Cerebral involvement in GPS is extremely rare in the absence of ANCA, and only 4 cases have been described in the medical literature.1-4 All of the cases that have been communicated presented with recurrent convulsive seizures related to cerebral vasculitis with or without haemoptysis. Rydel et al.1 described the first case of ANCA-negative cerebral vasculitis associated with GPS, demonstrating vasculitic infiltrates in the meningeal biopsy. Although cerebral and meningeal biopsies constitute the gold standard for the diagnosis of cerebral vasculitis, their use is currently limited to patients with doubtful diagnosis due to the aggressive nature of the procedure. Furthermore, in most of the described cases of GPS with cerebral involvement, the diagnoses of ANCA-negative cerebral vasculitis associated with GPS were performed based on the clinical presentation of the patient and the findings from imaging tests.2-4 Our patient started with RPGN requiring dialysis from the beginning, followed by pulmonary haemorrhage and two events of tonic-clonic convulsive seizures, together with elevated anti-BM Ab levels. The repeated ANCA measurements were negative, and other possible causes that could have triggered the convulsive seizures, such as metabolic disorders, drug deprivation-induced hypertensive seizures, etc. were excluded. Although the cerebral NMR came up normal in our patient, we cannot rule out that small vessel vasculitic lesions could have contributed to the cerebral damage that was caused. Indeed, cerebral NMR scans come up negative in as much as 35% of patients with cerebral vasculitis.10 Cerebral angiography was not performed because the neurological symptoms disappeared with the previously described treatment. Furthermore, we also observed an improvement in respiratory symptoms, although renal function never recovered. Levy et al. showed that renal insufficiency as estimated by plasma creatinine levels (>5.7 mg/dL) or the need for dialysis at the onset of the disease, as well as a percentage greater than 50% of crescents found in the renal biopsy, are all negative prognostic factors for the recovery of kidney function.11

Kidney transplants are possible to perform in this disease, although there does exist a risk of recurrence in the new organ, leading to the recommendation that at least a 6-month waiting period be necessary for the transplantation and only when anti-BM Ab titres are undetectable. This is a promising strategy in the majority of cases, as in our patient, who received an organ donor transplant 20 months later, presenting with a positive clinical evolution and no signs of recurrence of the disease.

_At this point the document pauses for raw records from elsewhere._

(* Straight-line homotopy: the square is convex. *)
Lemma path_htpy_square (F : R * R -> X) (p q : R -> R * R) :
  {within uI `*` uI, continuous F} ->
  {within uI, continuous p} -> {within uI, continuous q} ->
  (forall s, uI s -> (uI `*` uI) (p s)) -> (forall s, uI s -> (uI `*` uI) (q s)) ->
  p 0 = q 0 -> p 1 = q 1 -> path_htpy (F \o p) (F \o q).
Proof.
move=> cF cp cq pI qI e0 e1.
have ccoord (r : R -> R * R) (pr : R * R -> R) : {within uI, continuous r} ->
    continuous pr -> {within uI `*` uI, continuous (fun z : R * R => pr (r z.1))}.
  move=> cr cpr; have := continuous_within_comp (continuous_within_comp_fst (B := uI) cr)
    (B := setT) (fun _ _ => I) (continuous_subspaceT (A := setT) cpr).
  exact.
have cfst : continuous (@fst R R) by move=> ?; exact: cvg_fst.
have csnd : continuous (@snd R R) by move=> ?; exact: cvg_snd.
exists (fun z => F (lerp (p z.1).1 (q z.1).1 z.2, lerp (p z.1).2 (q z.1).2 z.2)).
split; last split.
- apply: (continuous_within_comp _ _ cF).
    by apply: continuous_within_pair; apply: continuous_within_lerp; apply: ccoord.
  move=> [s t] /= [us ut].
  by have [? ?] := pI s us; have [? ?] := qI s us; split; apply: lerp_uI.
- by move=> s _ /=; rewrite !lerp0 !lerp1; case: (p s); case: (q s).
- by move=> t _ /=; rewrite -e0 -e1 !lerpxx; case: (p 0); case: (p 1).
Qed.

Lemma path_htpy_reparam2 g (phi psi : R -> R) : {within uI, continuous g} ->
  {within uI, continuous phi} -> {within uI, continuous psi} ->
  (forall s, uI s -> uI (phi s)) -> (forall s, uI s -> uI (psi s)) ->
  phi 0 = psi 0 -> phi 1 = psi 1 -> path_htpy (g \o phi) (g \o psi).
Proof.
move=> cg cphi cpsi phiI psiI e0 e1.
have c0 := continuous_within_cst uI (0 : R).
apply: (@path_htpy_square (g \o fst) (fun s => (phi s, 0)) (fun s => (psi s, 0))).
- exact: continuous_within_comp_fst.
- exact: continuous_within_pair.
- exact: continuous_within_pair.
- by move=> s us; split; [exact: phiI | exact: uI0].
- by move=> s us; split; [exact: psiI | exact: uI0].
- by rewrite e0.
- by rewrite e1.
Qed.

Lemma path_htpy_reparam g (phi : R -> R) : {within uI, continuous g} ->
  {within uI, continuous phi} -> (forall s, uI s -> uI (phi s)) ->
  phi 0 = 0 -> phi 1 = 1 -> path_htpy (g \o phi) g.
Proof.
move=> cg cphi phiI e0 e1.
exact: path_htpy_reparam2 cg cphi (continuous_within_id _) phiI (fun _ => id) e0 e1.
Qed.

Lemma prev_continuous g : {within uI, continuous g} -> {within uI, continuous (prev g)}.
Proof.
move=> cg; apply: (continuous_within_comp _ _ cg).
  exact: continuous_withinB (continuous_within_cst _ _) (continuous_within_id _).
by move=> s /in_uI ?; apply/in_uI; lra.
Qed.

Lemma comp_continuous {Y : topologicalType} (f : X -> Y) g : continuous f ->
  {within uI, continuous g} -> {within uI, continuous (f \o g)}.
Proof.
move=> cf cg.
exact: continuous_within_comp cg (fun _ _ => I) (continuous_subspaceT (A := setT) cf).
Qed.

Lemma pconcat_htpy g g' k k' : path_htpy g g' -> path_htpy k k' -> g 1 = k 0 ->
  path_htpy (pconcat g k) (pconcat g' k').
Proof.
move=> [H1 [c1 [Hs1 Ht1]]] [H2 [c2 [Hs2 Ht2]]] gk.
exists (hconcat H1 H2); split; last split.
- apply: hconcat_continuous => // t ut.
  by case: (Ht1 t ut) => _ ->; case: (Ht2 t ut) => -> _.
- move=> s us; rewrite /hconcat /=; split; apply: (pconcat_in2 (P := eq)) => // r ur;
    by [case: (Hs1 r ur) | case: (Hs2 r ur)].
- move=> t ut; rewrite /hconcat /= !pconcat0 !pconcat1.
  by case: (Ht1 t ut) => -> _; case: (Ht2 t ut) => _ ->.
Qed.

Lemma prev_htpy g g' : path_htpy g g' -> path_htpy (prev g) (prev g').
Proof.
move=> [H [cH [Hs Ht]]].
exists (fun p => H (1 - p.1, p.2)); split; last split.
- apply: (continuous_within_comp _ _ cH).
    apply: continuous_within_pair (continuous_within_snd _).
    exact: continuous_withinB (continuous_within_cst _ _) (continuous_within_fst _).
  by move=> [a b] /= [/in_uI ? ?]; split => //=; apply/in_uI; lra.
- by move=> s /in_uI ?; apply: Hs; apply/in_uI => /=; lra.
- by move=> t ut; rewrite /prev /= subr0 subrr; case: (Ht t ut).
Qed.

Lemma comp_htpy {Y : topologicalType} (f : X -> Y) g g' : continuous f ->
  path_htpy g g' -> path_htpy (f \o g) (f \o g').
Proof.
move=> cf [H [cH [Hs Ht]]]; exists (f \o H); split; last split.
- exact: continuous_within_comp cH (fun _ _ => I) (continuous_subspaceT (A := setT) cf).
- by move=> s us /=; case: (Hs s us) => -> ->.
- by move=> t ut /=; case: (Ht t ut) => -> ->.
Qed.

Lemma pconcatA g k l : {within uI, continuous g} -> {within uI, continuous k} ->
  {within uI, continuous l} -> g 1 = k 0 -> k 1 = l 0 ->
  path_htpy (pconcat (pconcat g k) l) (pconcat g (pconcat k l)).
Proof.
move=> cg ck cl gk kl.
have cgkl : {within uI, continuous (pconcat (pconcat g k) l)}.
  by apply: pconcat_continuous (pconcat_continuous _ _ _) _ _; rewrite ?pconcat1.
apply: path_htpy_sym; apply: (eq_path_htpyl _ (path_htpy_reparam
  (phi := fun s => Num.max (s / 2) (Num.max (s - 4^-1) (2 * s - 1))) cgkl _ _ _ _)).
- by move=> s /in_uI/andP[? ?]; rewrite /= /pconcat; piecewise_lra.
- apply: continuous_within_max.
    exact: continuous_withinM (continuous_within_id _) (continuous_within_cst _ _).
  apply: continuous_within_max.
    exact: continuous_withinB (continuous_within_id _) (continuous_within_cst _ _).
  apply: continuous_withinB (continuous_within_cst _ _).
  exact: continuous_withinM (continuous_within_cst _ _) (continuous_within_id _).
- by move=> s /in_uI/andP[? ?]; apply/in_uI/andP; piecewise_lra.
- by piecewise_lra.
- by piecewise_lra.
Qed.

Lemma pconcat_cstl g : {within uI, continuous g} ->
  path_htpy (pconcat (fun _ => g 0) g) g.
Proof.
move=> cg; apply: (eq_path_htpyl _ (path_htpy_reparam
  (phi := fun s => Num.max 0 (2 * s - 1)) cg _ _ _ _)).
- by move=> s /in_uI/andP[? ?]; rewrite /= /pconcat; piecewise_lra.
- apply: continuous_within_max (continuous_within_cst _ _) _.
  apply: continuous_withinB (continuous_within_cst _ _).
  exact: continuous_withinM (continuous_within_cst _ _) (continuous_within_id _).
- by move=> s /in_uI/andP[? ?]; apply/in_uI/andP; piecewise_lra.
- by piecewise_lra.
- by piecewise_lra.
Qed.
(* Let $n\ge 2$ and let $P\in\mathrm{Mat}(n^2,\mathbb{C})$ be an orthogonal projection (i.e. $P^*=P$, $P^2=P$) of rank $r$. Put $P_1=P\otimes I_n$ and $P_2=I_n\otimes P$ in $\mathrm{Mat}(n^3,\mathbb{C})$. Then (a) $\operatorname{tr}_3(P_1P_2)\le rn$, and equality holds if and only if $P=0$ or $P=I_n\otimes I_n$; (b) $\operatorname{tr}_3\big((P_1P_2)^2\big)\le \operatorname{tr}_3(P_1P_2)$, and equality holds if and only if $P_1P_2=P_2P_1$.
   Context: $I_n$ is the $n\times n$ identity matrix, $\otimes$ is the Kronecker product, $P^*$ is the conjugate transpose, and $\operatorname{tr}_3$ denotes the ordinary matrix trace on $\mathrm{Mat}(n^3,\mathbb{C})$. *)

From mathcomp Require Import all_boot all_order all_algebra.
From mathcomp Require Import algC.
From mathcomp Require Import mxtens.
Set Implicit Arguments. Unset Strict Implicit. Unset Printing Implicit Defensive.
Import Order.TTheory GRing.Theory Num.Theory.
Local Open Scope ring_scope.

(* Kronecker product: tensmx (A *t B) from mathcomp-real-closed's mxtens,
   with the standard lexicographic index convention (i1, i2) |-> i1 * m2 + i2. *)

Definition adjmx (m n : nat) (A : 'M[algC]_(m, n)) : 'M[algC]_(n, m) :=
  map_mx Num.conj A^T.

Definition orth_proj (N : nat) (P : 'M[algC]_N) : Prop :=
  adjmx P = P /\ P *m P = P.

Definition P1 (n : nat) (P : 'M[algC]_(n * n)) : 'M[algC]_(n * n * n) :=
  P *t (1%:M : 'M[algC]_n).

(* P2 = I_n (x) P  in Mat(n^3); the index set n*(n*n) is identified with
   (n*n)*n (associativity of the Kronecker index convention). *)
Definition P2 (n : nat) (P : 'M[algC]_(n * n)) : 'M[algC]_(n * n * n) :=
  castmx (mulnA n n n, mulnA n n n) ((1%:M : 'M[algC]_n) *t P).

From mathcomp Require Import all_boot all_order all_algebra.
From mathcomp Require Import algC.
From mathcomp Require Import mxtens.
Import Order.TTheory GRing.Theory Num.Theory.
Local Open Scope ring_scope.
Set Implicit Arguments. Unset Strict Implicit. Unset Printing Implicit Defensive.

(* For orthogonal projections Q1, Q2 both defects are squared Frobenius norms:
     tr Q1 - tr (Q1 Q2) = |Q1 (1 - Q2)|^2,
     tr (Q1 Q2) - tr ((Q1 Q2)^2) = |Q1 Q2 (1 - Q1)|^2.
   This gives both inequalities; equality in the second means Q1 Q2 = Q1 Q2 Q1,
   whose adjoint says Q2 Q1 = Q1 Q2.  Equality in the first means Q2 Q1 = Q1.
   For Q1 = P (x) I and Q2 = I (x) P, which have the same trace r n, equality
   in the first inequality for (Q1, Q2) gives it for (Q2, Q1) as well, hence
   P (x) I = I (x) P; comparing entries, P is a scalar projection, i.e. 0 or 1. *)

Lemma adjmx_mul m n p (A : 'M[algC]_(m, n)) (B : 'M[algC]_(n, p)) :
  adjmx (A *m B) = adjmx B *m adjmx A.
Proof. by rewrite /adjmx trmx_mul map_mxM. Qed.

Lemma adjmxB m n (A B : 'M[algC]_(m, n)) : adjmx (A - B) = adjmx A - adjmx B.
Proof. by apply/matrixP => i j; rewrite !mxE rmorphB. Qed.

Lemma adjmx1 m : adjmx (1%:M : 'M[algC]_m) = 1%:M.
Proof. by apply/matrixP => i j; rewrite !mxE rmorph_nat eq_sym. Qed.

Lemma adjmx_tens m n p q (A : 'M[algC]_(m, n)) (B : 'M[algC]_(p, q)) :
  adjmx (A *t B) = adjmx A *t adjmx B.
Proof. by apply/matrixP => i j; rewrite !mxE rmorphM. Qed.

Lemma adjmx_cast m n m' n' (em : m = m') (en : n = n') (A : 'M[algC]_(m, n)) :
  adjmx (castmx (em, en) A) = castmx (en, em) (adjmx A).
Proof. by apply/matrixP => i j; rewrite !mxE !castmxE !mxE. Qed.

Lemma mxtrace_mul_adjE m n (A : 'M[algC]_(m, n)) :
  \tr (A *m adjmx A) = \sum_(ij : 'I_m * 'I_n) `|A ij.1 ij.2| ^+ 2.
Proof.
rewrite -(pair_bigA _ (fun i j => `|A i j| ^+ 2)).
by apply: eq_bigr => i _; rewrite mxE; apply: eq_bigr => j _; rewrite !mxE normCK.
Qed.

Lemma mxtrace_mul_adj_ge0 m n (A : 'M[algC]_(m, n)) : 0 <= \tr (A *m adjmx A).
Proof. by rewrite mxtrace_mul_adjE sumr_ge0 // => ij _; rewrite exprn_ge0. Qed.

Lemma mxtrace_mul_adj_eq0 m n (A : 'M[algC]_(m, n)) :
  \tr (A *m adjmx A) = 0 -> A = 0.
Proof.
rewrite mxtrace_mul_adjE => /psumr_eq0P A0; apply/matrixP => i j.
have /eqP := A0 (fun ij _ => exprn_ge0 2 (normr_ge0 _)) (i, j) isT.
by rewrite expf_eq0 normr_eq0 mxE => /eqP.
Qed.

Lemma mxtrace_idem (F : fieldType) m (Q : 'M[F]_m) :
  Q *m Q = Q -> \tr Q = (\rank Q)%:R.
Proof.
move=> QQ; move: (row_base_free Q) (col_base_full Q) (mulmx_base Q).
move: (row_base Q) (col_base Q) => R C Rfree Cfull QE.
have CR1 : R *m C = 1%:M.
  apply: (row_free_inj Rfree); rewrite mul1mx.
  apply: (row_full_inj Cfull).
  by rewrite !mulmxA QE -mulmxA QE QQ.
by rewrite -{1}QE mxtrace_mulC CR1 mxtrace1.
Qed.

Lemma mxtrace_cast (R : pzRingType) m m' (e : m = m') (A : 'M[R]_m) :
  \tr (castmx (e, e) A) = \tr A.
Proof. by case: m' / e; rewrite castmx_id. Qed.

Lemma castmx_mulmx (R : pzRingType) m m' (e : m = m') (A B : 'M[R]_m) :
  castmx (e, e) A *m castmx (e, e) B = castmx (e, e) (A *m B).
Proof. by case: m' / e; rewrite !castmx_id. Qed.

Lemma castmx1 (R : pzRingType) m m' (e : m = m') :
  castmx (e, e) (1%:M : 'M[R]_m) = 1%:M.
Proof. by case: m' / e; rewrite castmx_id. Qed.

Lemma compl_idem (R : pzRingType) m (Q : 'M[R]_m) :
  Q *m Q = Q -> (1%:M - Q) *m (1%:M - Q) = 1%:M - Q.
Proof. by move=> QQ; rewrite mulmxBl !mulmxBr !mul1mx mulmx1 QQ subrr subr0. Qed.

Section TwoProjections.

Variables (N : nat) (Q1 Q2 : 'M[algC]_N).
Hypotheses (Q1P : orth_proj Q1) (Q2P : orth_proj Q2).

Lemma mxtrace_proj_defect :
  \tr Q1 - \tr (Q1 *m Q2) =
  \tr (Q1 *m (1%:M - Q2) *m adjmx (Q1 *m (1%:M - Q2))).
Proof.
case: Q1P Q2P => [h1 i1] [h2 i2].
rewrite adjmx_mul adjmxB adjmx1 h1 h2 mulmxA -(mulmxA Q1) compl_idem //.
rewrite mulmxBr mulmx1 mulmxBl i1 raddfB /=.
by rewrite [\tr (Q1 *m Q2 *m Q1)]mxtrace_mulC mulmxA i1.
Qed.

Lemma mxtrace_proj_mul_defect :
  \tr (Q1 *m Q2) - \tr ((Q1 *m Q2) ^+ 2) =
  \tr (Q1 *m Q2 *m (1%:M - Q1) *m adjmx (Q1 *m Q2 *m (1%:M - Q1))).
Proof.
case: Q1P Q2P => [h1 i1] [h2 i2].
rewrite expr2 -[_ * _]/(_ *m _) !adjmx_mul adjmxB adjmx1 h1 h2.
rewrite !mulmxA -[in RHS](mulmxA (Q1 *m Q2)) compl_idem // mulmxBr mulmx1.
rewrite !mulmxBl -(mulmxA Q1 Q2 Q2) i2 raddfB /=.
rewrite [\tr (Q1 *m Q2 *m Q1)]mxtrace_mulC mulmxA i1.
by rewrite [\tr (Q1 *m Q2 *m Q1 *m Q2 *m Q1)]mxtrace_mulC !mulmxA i1.
Qed.

Lemma mxtrace_proj_mul_le : \tr (Q1 *m Q2) <= \tr Q1.
Proof. by rewrite -subr_ge0 mxtrace_proj_defect mxtrace_mul_adj_ge0. Qed.

Lemma proj_absorb_of_mxtrace : \tr (Q1 *m Q2) = \tr Q1 -> Q2 *m Q1 = Q1.
Proof.
case: Q1P Q2P => [h1 _] [h2 _] trE.
have := mxtrace_proj_defect; rewrite trE subrr => /esym/mxtrace_mul_adj_eq0.
rewrite mulmxBr mulmx1 => /eqP; rewrite subr_eq0 => /eqP Q1E.
by rewrite -{1}h1 -{1}h2 -adjmx_mul -Q1E h1.
Qed.

Lemma mxtrace_proj_mul_sqr_le : \tr ((Q1 *m Q2) ^+ 2) <= \tr (Q1 *m Q2).
Proof. by rewrite -subr_ge0 mxtrace_proj_mul_defect mxtrace_mul_adj_ge0. Qed.

Lemma mxtrace_proj_mul_sqr_eq :
  \tr ((Q1 *m Q2) ^+ 2) = \tr (Q1 *m Q2) <-> Q1 *m Q2 = Q2 *m Q1.
Proof.
case: Q1P Q2P => [h1 i1] [h2 i2]; split => [trE | Q12C].
  have := mxtrace_proj_mul_defect; rewrite trE subrr => /esym/mxtrace_mul_adj_eq0.
  rewrite mulmxBr mulmx1 => /eqP; rewrite subr_eq0 => /eqP Q12E.
  have := congr1 (@adjmx _ _) Q12E.
  by rewrite !adjmx_mul h1 h2 mulmxA => ->.
by rewrite expr2 -[_ * _]/(_ *m _) mulmxA -(mulmxA Q1) -Q12C mulmxA i1 -mulmxA i2.
Qed.

End TwoProjections.

Lemma proj_eq_of_mxtrace N (Q1 Q2 : 'M[algC]_N) :
  orth_proj Q1 -> orth_proj Q2 ->
  \tr (Q1 *m Q2) = \tr Q1 -> \tr Q1 = \tr Q2 -> Q1 = Q2.
Proof.
move=> Q1P Q2P tr12 tr1E.
have Q21 := proj_absorb_of_mxtrace Q1P Q2P tr12.
have /(proj_absorb_of_mxtrace Q2P Q1P) Q12 : \tr (Q2 *m Q1) = \tr Q2.
  by rewrite mxtrace_mulC tr12.
case: Q1P Q2P => [h1 _] [h2 _].
by rewrite -Q21 -{1}h1 -{1}h2 -adjmx_mul Q12 h2.
Qed.

Local Notation ix a b := (mxtens_index (a, b)).

Lemma mxtens_index_eq m p (a c : 'I_m) (b d : 'I_p) :
  (ix a b == ix c d) = (a == c) && (b == d).
Proof. by rewrite (can_eq (@mxtens_indexK m p)) xpair_eqE. Qed.

Lemma tensmx11 (R : pzRingType) m p :
  (1%:M : 'M[R]_m) *t (1%:M : 'M[R]_p) = 1%:M.
Proof.
apply/matrixP => i j.
case: (mxtens_indexP i) => a b; case: (mxtens_indexP j) => c d.
by rewrite tensmxE !mxE mxtens_index_eq -natrM mulnb.
Qed.

Lemma mxtrace_tensmx (R : pzRingType) m p (A : 'M[R]_m) (B : 'M[R]_p) :
  \tr (A *t B) = \tr A * \tr B.
Proof.
rewrite /mxtrace mulr_sum; apply: eq_bigr => i _.
by case: (mxtens_indexP i) => a b; rewrite tensmxE mxtens_indexK.
Qed.

Lemma idem_scalar_mx (F : fieldType) m (x : 'I_m) (a : F) :
  a%:M *m a%:M = a%:M :> 'M[F]_m -> a = 0 \/ a = 1.
Proof.
move=> /(congr1 (fun A : 'M[F]_m => A x x)).
rewrite -scalar_mxM !mxE eqxx !mulr1n => /eqP.
rewrite -subr_eq0 -[X in _ - X]mulr1 -mulrBr mulf_eq0 subr_eq0.
by case/orP => /eqP; [left | right].
Qed.

Section Tensor.

Variables (n : nat) (P : 'M[algC]_(n * n)).

Lemma orth_proj_P1 : orth_proj P -> orth_proj (P1 P).
Proof.
case=> PA PP; rewrite /P1; split.
  by rewrite adjmx_tens PA adjmx1.
by rewrite tensmx_mul PP mulmx1.
Qed.

Lemma orth_proj_P2 : orth_proj P -> orth_proj (P2 P).
Proof.
case=> PA PP; rewrite /P2; split.
  by rewrite adjmx_cast adjmx_tens PA adjmx1.
by rewrite castmx_mulmx tensmx_mul mulmx1 PP.
Qed.

Lemma mxtrace_P1 : P *m P = P -> \tr (P1 P) = (\rank P * n)%:R.
Proof. by move=> PP; rewrite mxtrace_tensmx (mxtrace_idem PP) mxtrace1 natrM. Qed.

Lemma mxtrace_P2 : P *m P = P -> \tr (P2 P) = (\rank P * n)%:R.
Proof.
move=> PP; rewrite mxtrace_cast mxtrace_tensmx (mxtrace_idem PP) mxtrace1.
by rewrite natrM mulrC.
Qed.

Lemma P1E a b k c d l :
  P1 P (ix (ix a b) k) (ix (ix c d) l) = P (ix a b) (ix c d) * (k == l)%:R.
Proof. by rewrite tensmxE mxE. Qed.

Lemma P2E a b k c d l :
  P2 P (ix (ix a b) k) (ix (ix c d) l) = (a == c)%:R * P (ix b k) (ix d l).
Proof.
have ixA x y z : cast_ord (esym (mulnA n n n)) (ix (ix x y) z) = ix x (ix y z).
  by apply: val_inj => /=; rewrite mulnDl -mulnA addnA.
by rewrite castmxE !ixA tensmxE mxE.
Qed.

Hypothesis P1_eq_P2 : P1 P = P2 P.

Lemma scalar_of_P1_eq_P2 z : P = (P (ix z z) (ix z z))%:M.
Proof.
have E a b c d k l :
    P (ix a b) (ix c d) * (k == l)%:R = (a == c)%:R * P (ix b k) (ix d l).
  by rewrite -P1E -P2E P1_eq_P2.
apply/matrixP => x y.
case: (mxtens_indexP x) => a b; case: (mxtens_indexP y) => c d.
have := E a b c d z z; rewrite eqxx mulr1 => ->.
have := E b z d z z z; rewrite eqxx mulr1 => ->.
by rewrite mxE mxtens_index_eq mulrA -natrM mulnb mulr_natl.
Qed.

End Tensor.

Theorem lemma1 (n : nat) (P : 'M[algC]_(n * n)) (r : nat) :
  (2 <= n)%N -> orth_proj P -> \rank P = r ->
  (* (a) *)
  (\tr (P1 P *m P2 P) <= (r * n)%:R
   /\ (\tr (P1 P *m P2 P) = (r * n)%:R <->
       P = 0 \/ P = (1%:M : 'M[algC]_n) *t (1%:M : 'M[algC]_n)))
  /\
  (* (b) *)
  (\tr ((P1 P *m P2 P) ^+ 2) <= \tr (P1 P *m P2 P)
   /\ (\tr ((P1 P *m P2 P) ^+ 2) = \tr (P1 P *m P2 P) <->
       P1 P *m P2 P = P2 P *m P1 P)).
Proof.
move=> n_ge2 Pproj rkP; have [_ Pidem] := Pproj.
have Q1P := orth_proj_P1 Pproj; have Q2P := orth_proj_P2 Pproj.
have tr1 : \tr (P1 P) = (r * n)%:R by rewrite -rkP mxtrace_P1.
have tr2 : \tr (P2 P) = (r * n)%:R by rewrite -rkP mxtrace_P2.
split; split; rewrite -?tr1.
- exact: mxtrace_proj_mul_le.
- split=> [trE | [->|->]].
  + have z : 'I_n := Ordinal (ltnW n_ge2).
    have /scalar_of_P1_eq_P2/(_ z) PE :=
      proj_eq_of_mxtrace Q1P Q2P trE (etrans tr1 (esym tr2)).
    move: Pidem; rewrite PE tensmx11 => /(idem_scalar_mx (ix z z))[->|->].
      by left; rewrite raddf0.
    by right.
  + by rewrite /P1 tens0mx !mul0mx.
  + by rewrite /P2 !tensmx11 castmx1 mulmx1.
- exact: mxtrace_proj_mul_sqr_le.
- exact: mxtrace_proj_mul_sqr_eq.
Qed.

Finally, we conclude that GPS with neurological involvement is extremely infrequent, especially with negative ANCA. Normal cerebral NMR findings do not exclude the possibility of small vessel cerebral vasculitis, requiring an aggressive and early diagnosis and treatment of GPS in order to improve the prognosis of the patient.

 

ACKNOWLEDGEMENTS

The authors would like to thank Dr. Eduardo Salido for his advice on renal pathology and review of the manuscript.

Figure 1. Extracapillary glomerulonephritis (red arrows) with centres of fibrinoid necrosis. Yellow arrow, PAS stain, 400x.

10237_108_8375_en_w4777103917table1_en.doc

Table 1. Data on the patient¿s evolution from the onset of GPS.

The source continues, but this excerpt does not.